### [Available records]
Lemma param_coord (u v : nat) : u < v < n ->
  param k t (v - u) = (coord v <= coord u + k) && (coord u <= coord v + k).
Proof.
move=> uvn; have d0 : 0 < d by [].
rewrite param_arith; apply/existsP/idP => [[i /eqP e]|/andP [h1 h2]].
  have vE : v = i.+1 * d + u by lia.
  rewrite /coord vE modnMDl divnMDl //; have := ltn_ord i; lia.
have ruv : v %% d = u %% d.
  case: (ltngtP (v %% d) (u %% d)) => // h.
    by have := coord_gap (v := u) (_ : v < n) h; lia.
  by have := coord_gap (_ : u < n) h; lia.
move: h1 h2; rewrite /coord ruv => h1 h2.
have quv : u %/ d < v %/ d.
  rewrite ltnNge; apply/negP => h.
  have : v %/ d * d <= u %/ d * d by rewrite leq_mul2r h orbT.
  by have := divn_eq u d; have := divn_eq v d; rewrite ruv; lia.
have hi : (v %/ d - u %/ d).-1 < k by lia.
exists (Ordinal hi); apply/eqP => /=; rewrite prednK ?subn_gt0 // mulnBl.
by have := divn_eq u d; have := divn_eq v d; rewrite ruv; lia.
Qed.

Lemma arithmetic_interval_graph : interval_graph (toeplitz_adj n k t).
Proof.
exists (fun (v : 'I_n) x => Rle (INR (coord v)) x /\ Rle x (INR (coord v + k))).
split=> [v x y z [? ?] [? ?] ? ?|u v uv]; first by split; lra.
have -> : (exists x, (Rle (INR (coord u)) x /\ Rle x (INR (coord u + k))) /\
                     (Rle (INR (coord v)) x /\ Rle x (INR (coord v + k))))
          <-> (coord u <= coord v + k) && (coord v <= coord u + k).
  split=> [[x [[? ?] [? ?]]]|/andP [? ?]].
    by apply/andP; split; apply/leP/INR_le; lra.
  by exists (INR (maxn (coord u) (coord v))); split; split; apply/le_INR/leP; lia.
case: (ltngtP u v) => h.
- by rewrite toeplitz_adj_lt // param_coord 1?andbC //; apply/andP; split.
- by rewrite toeplitz_adj_gt // param_coord //; apply/andP; split.
- by move: uv; rewrite (val_inj h) eqxx.
Qed.

End ArithmeticIntervalModel.

(* If all differences t j - t i are parameters, the j - 1 increasing values
   t j - t (j - e), e = 1, ..., j - 1, are parameters, so the e-th is at least
   t e; for e = j - 1 this gives t j - t 1 >= t (j - 1), and t j - t 1 < t j
   forces equality. *)
Lemma arithmetic_of_diffs k t : 1 <= t 1 ->
  (forall i, 1 <= i -> i < k -> t i < t i.+1) ->
  (forall i j, 1 <= i -> i < j -> j <= k -> param k t (t j - t i)) ->
  arithmetic k t.
Proof.
move=> t1 t_incr diffs.
have t_lt := t_lt t_incr; have t_le := t_le t_incr.
have diff_ge j e : 1 <= e < j -> j <= k -> t e <= t j - t (j - e).
  move=> + jk; elim: e => [//|e IH] ej.
  have := diffs (j - e.+1) j ltac:(lia) ltac:(lia) jk.
  case: (posnP e) => [-> /(param_ge t_incr) //|e0 /paramP [l lk tl]].
  have [tj tjS] : t (j - e.+1) < t (j - e) /\ t (j - e) < t j by split; apply: t_lt; lia.
  have el : e < l by apply: (t_lt_idx t_incr (i := e)); have := IH ltac:(lia); lia.
  by have := t_le e.+1 l ltac:(lia) el ltac:(lia); lia.
have first_diff j : 2 <= j <= k -> t j - t 1 = t j.-1.
  move=> jk; have := diff_ge j j.-1 ltac:(lia) ltac:(lia).
  rewrite (_ : j - j.-1 = 1); last lia.
  have := param_le_pred t_incr (j := j) (diffs 1 j (leqnn _) ltac:(lia) ltac:(lia)).
  by have := t_lt 1 j ltac:(lia) ltac:(lia) ltac:(lia); lia.
elim=> [//|i IH] ik.
case: (posnP i) => [->|i0]; first by rewrite mul1n.
by have := first_diff i.+1 ltac:(lia); rewrite IH ?mulSn; lia.
Qed.

Section Cliques.
Variables (n k : nat) (t : nat -> nat).
Local Notation G := (toeplitz_adj n k t).

Lemma clique_adj (A : {set 'I_n}) x y :
  is_clique G A -> x \in A -> y \in A -> x != y -> G x y.
Proof.
move=> /forall_inP cA xA yA; move/forall_inP: (cA x xA) => /(_ y yA).
exact/implyP.
Qed.

Lemma clique_sub_shifts (A : {set 'I_n}) v0 : is_clique G A -> v0 \in A ->
  (forall w, w \in A -> v0 <= w) ->
  A :\ v0 \subset [set insubd v0 (v0 + t l.+1) | l : 'I_k].
Proof.
move=> cA v0A v0_min; apply/subsetP => w /setD1P [wv0 wA].
have := clique_adj cA v0A wA; rewrite eq_sym wv0 toeplitz_adjE => /(_ isT) /andP [_].
move=> /existsP [l /eqP e]; apply/imsetP; exists l => //; apply: val_inj.
have := v0_min w wA; have := ltn_ord w; rewrite val_insubd /absdiff in e *.
by move=> wn vw; rewrite ifT /=; lia.
Qed.

Lemma clique_shifts_card (A : {set 'I_n}) : is_clique G A -> A != set0 ->
  exists v0, [/\ v0 \in A, #|A| = #|A :\ v0|.+1 &
    A :\ v0 \subset [set insubd v0 (v0 + t l.+1) | l : 'I_k]].
Proof.
move=> cA /set0Pn [x0 x0A].
case: (arg_minnP (fun v : 'I_n => nat_of_ord v) x0A) => v0 v0A v0_min.
have {}v0A : v0 \in A by [].
exists v0; split=> //; first by rewrite (cardsD1 v0) v0A.
exact: clique_sub_shifts.
Qed.

Lemma clique_card_le (A : {set 'I_n}) : is_clique G A -> #|A| <= k.+1.
Proof.
move=> cA; case: (eqVneq A set0) => [->|A0]; first by rewrite cards0.
have [v0 [_ -> sub]] := clique_shifts_card cA A0; rewrite ltnS.
apply: leq_trans (subset_leq_card sub) _.
by apply: leq_trans (leq_imset_card _ _) _; rewrite card_ord.
Qed.

Lemma clique_card_arithmetic (A : {set 'I_n}) : 1 <= t 1 ->
  (forall i, 1 <= i -> i < k -> t i < t i.+1) ->
  is_clique G A -> #|A| = k.+1 -> arithmetic k t.
Proof.
move=> t1 t_incr cA cardA.
have A0 : A != set0 by apply/eqP => A0; rewrite A0 cards0 in cardA.
have [v0 [v0A cardAv0 sub]] := clique_shifts_card cA A0.
have /eqP Av0 : A :\ v0 == [set insubd v0 (v0 + t l.+1) | l : 'I_k].
  rewrite eqEcard sub /=; apply: leq_trans (leq_imset_card _ _) _.
  by rewrite card_ord; move: cardA; rewrite cardAv0 => -[->].
have shift_in (l : 'I_k) : exists2 w, w \in A & nat_of_ord w = v0 + t l.+1.
  have : insubd v0 (v0 + t l.+1) \in A :\ v0 by rewrite Av0; apply/imsetP; exists l.
  case/setD1P => ne inA; exists (insubd v0 (v0 + t l.+1)) => //.
  rewrite val_insubd ifT //; apply: contraNT ne; rewrite -leqNgt => nl.
  by apply/eqP/val_inj; rewrite val_insubd ifN // -leqNgt.
apply: (arithmetic_of_diffs t1 t_incr) => i j i1 ij jk.
have [hi hj] : i.-1 < k /\ j.-1 < k by lia.
have [wi wiA] := shift_in (Ordinal hi); rewrite /= prednK // => ei.
have [wj wjA] := shift_in (Ordinal hj); rewrite /= prednK; last lia; move=> ej.
have tij : t i < t j by apply: (t_lt t_incr); lia.
have ne : wi != wj by apply/eqP => /(congr1 (@nat_of_ord _)); lia.
have := clique_adj cA wiA wjA ne; rewrite toeplitz_adj_lt; last lia.
by rewrite ei ej subnDl.
Qed.

Lemma arithmetic_clique : 1 <= k -> 1 <= t 1 -> t k <= n - 1 -> arithmetic k t ->
  exists2 A : {set 'I_n}, is_clique G A & #|A| = k.+1.
Proof.
move=> k1 t1 tkn t_arith.
have tk : t k = k * t 1 by apply: t_arith; lia.
have n0 : 0 < n by nia.
pose o : 'I_n := Ordinal n0.
pose g (i : 'I_k.+1) : 'I_n := insubd o (i * t 1).
have gE i : val (g i) = i * t 1.
  by rewrite val_insubd ifT //; have := ltn_ord i; nia.
have g_inj : injective g.
  by move=> i i' /(congr1 val); rewrite !gE => /eqP; rewrite eqn_pmul2r // => /eqP /val_inj.
exists (g @: 'I_k.+1); last by rewrite card_imset // card_ord.
apply/forall_inP => _ /imsetP [i _ ->]; apply/forall_inP => _ /imsetP [i' _ ->].
apply/implyP => ne.
wlog ii' : i i' ne / i < i'.
  move=> W; case: (ltngtP i i') => h; first exact: W.
    by rewrite toeplitz_sym W // eq_sym.
  by rewrite (val_inj h) eqxx in ne.
have [lt ik] : i * t 1 < i' * t 1 /\ i' <= k by rewrite ltn_pmul2r //; have := ltn_ord i'; lia.
rewrite toeplitz_adj_lt ?gE // -mulnBl; apply/paramP; exists (i' - i); first lia.
by apply: t_arith; lia.
Qed.

End Cliques.

Lemma clique_number_arithmetic n k t : 1 <= k -> 1 <= t 1 -> t k <= n - 1 ->
  (forall i, 1 <= i -> i < k -> t i < t i.+1) ->
  arithmetic k t <-> clique_number (toeplitz_adj n k t) = k.+1.
Proof.
move=> k1 t1 tkn t_incr; split=> [t_arith|ck].
  apply/eqP; rewrite eqn_leq; apply/andP; split.
    by apply/bigmax_leqP => A /clique_card_le.
  have [A cA <-] := arithmetic_clique k1 t1 tkn t_arith.
  exact: leq_bigmax_cond.
have cliques0 : 0 < #|[pred A : {set 'I_n} | is_clique (toeplitz_adj n k t) A]|.
  by apply/card_gt0P; exists set0; rewrite inE; apply/forall_inP => x; rewrite inE.
have [A cA cardA] := eq_bigmax_cond (fun A : {set 'I_n} => #|A|) cliques0.
by apply: (clique_card_arithmetic t1 t_incr cA); rewrite -cardA -ck.
Qed.

Theorem theorem3p3 (n k : nat) (t : nat -> nat) :
  2 <= k ->
  1 <= t 1 ->
  (forall i, 1 <= i -> i < k -> t i < t i.+1) ->
  t k <= n - 1 ->
  t k.-1 + t k <= n ->
  let G := toeplitz_adj n k t in
  (interval_graph G <-> chordal G) /\
  (chordal G <-> (forall i, 1 <= i <= k -> t i = i * t 1)) /\
  ((forall i, 1 <= i <= k -> t i = i * t 1) <-> clique_number G = k.+1).
Proof.
move=> k2 t1 t_incr tkn tk_sum G.
have int_chord : interval_graph G -> chordal G := @interval_graph_chordal _ G.
have chord_arith : chordal G -> arithmetic k t := chordal_arithmetic k2 t1 t_incr tk_sum.
have arith_int : arithmetic k t -> interval_graph G := arithmetic_interval_graph n t1.
split; first by split=> [/int_chord | /chord_arith /arith_int].
split; first by split=> [/chord_arith | /arith_int /int_chord].
by apply: clique_number_arithmetic; rewrite // ltnW.
Qed.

### [The task]
Set down again, word for word, the stretch of records from the line with "exact: leq_bigmax_cond." to the line with "have [A cA cardA]", both of those lines included.

### [Answer to this problem]
  exact: leq_bigmax_cond.
have cliques0 : 0 < #|[pred A : {set 'I_n} | is_clique (toeplitz_adj n k t) A]|.
  by apply/card_gt0P; exists set0; rewrite inE; apply/forall_inP => x; rewrite inE.
have [A cA cardA] := eq_bigmax_cond (fun A : {set 'I_n} => #|A|) cliques0.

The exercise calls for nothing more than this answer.